Grotte de Las Agnelas ou de Gabillou
Trésor gravé du Périgord, la grotte de Gabillou recèle un bestiaire paléolithique d'une densité exceptionnelle : plus de 200 figures animales et humaines incisées dans la roche il y a quelque 15 000 ans.
Histoire
Nichée dans les falaises calcaires qui surplombent la vallée de l'Isle, à Sourzac en Dordogne, la grotte de Gabillou — également connue sous le nom de grotte de Las Agnelas — constitue l'un des sanctuaires rupestres les plus denses et les plus mystérieux du Périgord. Découverte au début du XXe siècle, classée Monument historique dès 1942, elle témoigne avec une éloquence saisissante de la créativité et de la richesse symbolique des chasseurs-cueilleurs du Magdalénien. Ce qui distingue Gabillou de ses voisines illustres — Lascaux, Font-de-Gaume ou les Combarelles — c'est avant tout la profusion et la variété de son répertoire figuratif. En un espace relativement étroit, les artistes du Paléolithique supérieur ont incisé sur les parois une galerie animale foisonnante : bisons aux épaules massives, chevaux aux encolures puissantes, cervidés aux ramures déployées, rhinocéros laineux, mammouths et félins se succèdent dans une frénésie créatrice que l'on peine à imaginer à la lueur vacillante de lampes à graisse.

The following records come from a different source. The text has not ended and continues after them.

Lemma psi_prod_diff N :
  psi ((\prod_(i < d.+1) (yvar i - xvar i)) ^+ N)
  = ((\prod_(k < m.+1) 'X_(inord k)) ^+ N)%:MP * 'X_[(mhigh *+ N)%MM].
Proof.
rewrite rmorphXn rmorph_prod /=.
have -> : \prod_(i < d.+1) psi (yvar i - xvar i)
    = (\prod_(i < d.+1) (if (i <= m)%N then ('X_i : S) else 1))%:MP * 'X_[mhigh].
  rewrite rmorph_prod mpolyXE_id -big_split; apply: eq_bigr => i _ /=.
  by rewrite psi_diff mnmE; case: ifP; rewrite ?rmorph1 ?mulr1 ?mul1r.
by rewrite exprMn -rmorphXn big_ord_if_leq 1?ltnW // mpolyXn.
Qed.

Lemma mcoeff_psi_prod_diffM N u :
  (psi ((\prod_(i < d.+1) (yvar i - xvar i)) ^+ N * u))@_(mhigh *+ N)%MM
  = (\prod_(k < m.+1) 'X_(inord k)) ^+ N * psi0 u.
Proof.
rewrite rmorphM /= psi_prod_diff -mulrA mcoeffCM [_ * psi u]mulrC psi0E.
by have := mcoeffMX (psi u) (mhigh *+ N)%MM 0%MM; rewrite addm0 => ->.
Qed.

Lemma mcoeff_psi_sum_diff N e (c : 'I_d.+1 -> PS) : (0 < e)%N ->
  (psi (\sum_(i < d.+1) c i * (yvar i - xvar i) ^+ (N + e)))@_(mhigh *+ N)%MM
  = \sum_(k < m.+1) (psi (c (inord k)))@_(mhigh *+ N)%MM * 'X_(inord k) ^+ (N + e).
Proof.
move=> e_gt0; rewrite rmorph_sum raddf_sum.
pose F i := (psi (c i))@_(mhigh *+ N)%MM * 'X_i ^+ (N + e).
rewrite -(big_ord_if_leq _ F) 1?ltnW //.
apply: eq_bigr => i _; rewrite rmorphM rmorphXn /= psi_diff; case: ifP => i_le_m.
  by rewrite -rmorphXn mulrC mcoeffCM mulrC.
rewrite mpolyXn (mcoeffMX_eq0 _ (i := i)) // !mulmnE mnmE i_le_m mnm1E eqxx !mul1n.
by rewrite -[X in (X < _)%N]addn0 ltn_add2l.
Qed.

Lemma mcoeff_psi_cech N e u (c : 'I_d.+1 -> PS) : (0 < e)%N ->
  (psi ((\prod_(i < d.+1) (yvar i - xvar i)) ^+ N * u
        - \sum_(i < d.+1) c i * (yvar i - xvar i) ^+ (N + e)))@_(mhigh *+ N)%MM
  = (\prod_(k < m.+1) 'X_(inord k)) ^+ N * psi0 u
    - \sum_(k < m.+1) (psi (c (inord k)))@_(mhigh *+ N)%MM * 'X_(inord k) ^+ (N + e).
Proof.
move=> e_gt0; rewrite -mcoeff_psi_prod_diffM -mcoeff_psi_sum_diff //.
by rewrite rmorphB mcoeffB.
Qed.

Section IdealTransfer.
Variables (p : nat) (g h : S).
Hypothesis g_low :
  exists c : 'I_m.+1 -> S, g = \sum_(i < m.+1) c i * 'X_(inord i : 'I_d.+1).
Hypothesis h_high :
  forall mo, mo \in msupp h -> forall i : 'I_d.+1, (i <= m)%N -> mo i = 0%N.
Let f := g + (p%:Z)%:MP * h.

Lemma rmorph_low_ideal_eq0 (A : nzRingType) (F : {rmorphism S -> A}) :
  (forall j : 'I_d.+1, (j <= m)%N -> F 'X_j = 0) -> F g = 0.
Proof.
have [c ->] := g_low; move=> FX0; rewrite rmorph_sum big1 // => i _.
have i_lt : (i < d.+1)%N by rewrite (leq_trans (ltn_ord i)) // ltnS ltnW.
by rewrite rmorphM FX0 ?mulr0 // inordK // -ltnS ltn_ord.
Qed.

Lemma kill_low_high : kill_low h = h.
Proof.
rewrite /kill_low comp_mpolyEX [RHS]mpolyE; apply: eq_big_seq => mo /h_high mo_high.
congr (_ *: _); rewrite comp_mpolyX mpolyXE_id; apply: eq_bigr => i _.
by rewrite tnth_mktuple; case: ifP => // /mo_high ->; rewrite !expr0.
Qed.

Lemma psi0_f_diff : psi0 (in_y f - in_x f) = g.
Proof.
rewrite rmorphB /= psi0_in_y psi0_in_x /f rmorphD rmorphM /= kill_low_high.
rewrite (rmorph_low_ideal_eq0 (F := kill_low)) => [|j j_le_m].
  by rewrite mpolyC_int rmorph_int add0r addrK.
by rewrite /= kill_low_X j_le_m.
Qed.

Lemma psi_in_x_f : psi (in_x f) = (p%:Z)%:~R * psi (in_x h).
Proof.
have psi_g : psi (in_x g) = 0.
  apply: (rmorph_low_ideal_eq0 (F := psi \o @in_x d)) => j j_le_m.
  by rewrite /= in_x_X psi_xvar j_le_m.
by rewrite /f mpolyC_int !rmorphD !rmorphM /= rmorph_int /= rmorph_int psi_g add0r.
Qed.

La présence de représentations humaines, rares et stylisées, confère à l'ensemble une dimension anthropologique particulièrement précieuse. L'expérience de Gabillou est celle de l'intimité. Contrairement aux vastes cathédrales de pierre que sont certaines grottes ornées de la région, son couloir principal, étroit et sinueux, impose une proximité physique avec les gravures qui suscite un trouble profond. On se retrouve à toucher presque du regard les traits laissés par des mains humaines voilà quinze millénaires, dans un face-à-face avec l'art le plus ancien de l'humanité. Le cadre naturel renforce ce sentiment de communion avec la préhistoire. La vallée de l'Isle, verdoyante et discrète, n'a pas la renommée touristique de la Vézère toute proche, ce qui confère à la visite une atmosphère de découverte presque secrète. Pour l'amateur de préhistoire, Gabillou s'impose comme un détour indispensable, une halte hors du temps dans un Périgord qui n'en finit pas de révéler ses profondeurs.
Architecture
La grotte de Gabillou appartient au type des grottes-galeries, caractéristique des cavités karstiques façonnées par la dissolution lente du calcaire dans les falaises périgordines. Son plan général suit un couloir principal relativement étroit et sinueux, dont la longueur avoisine une centaine de mètres, avec un profil bas par endroits qui contraint le visiteur à progresser accroupi ou courbé. Cette configuration exiguë est précisément ce qui confère à la grotte son atmosphère d'une intensité particulière. Les parois, en calcaire du Crétacé, offrent une surface à grain fin particulièrement propice à la gravure. Les artistes magdaléniens ont exploité avec habileté les reliefs naturels de la roche — saillie, rentrant, craquelure — pour intégrer leurs figures dans le galbe même de la paroi, donnant parfois l'illusion d'un volume et d'un mouvement saisissants. Les techniques observées combinent incision directe au silex et, dans certains cas, des tracés au doigt ou à l'ocre, témoignant d'une pratique artistique diversifiée et maîtrisée. Le répertoire figuratif couvre la quasi-totalité des surfaces accessibles : chevaux, bisons, aurochs, cerfs, mammouths, rhinocéros laineux, ours et félins se superposent parfois en palimpsestes révélant des interventions successives sur plusieurs générations. La densité des représentations — plus de deux cents figures recensées — est l'une des plus élevées parmi les grottes ornées périgordines de taille comparable, ce qui fait de Gabillou un document archéologique d'une richesse documentaire exceptionnelle pour l'étude des pratiques symboliques du Paléolithique supérieur.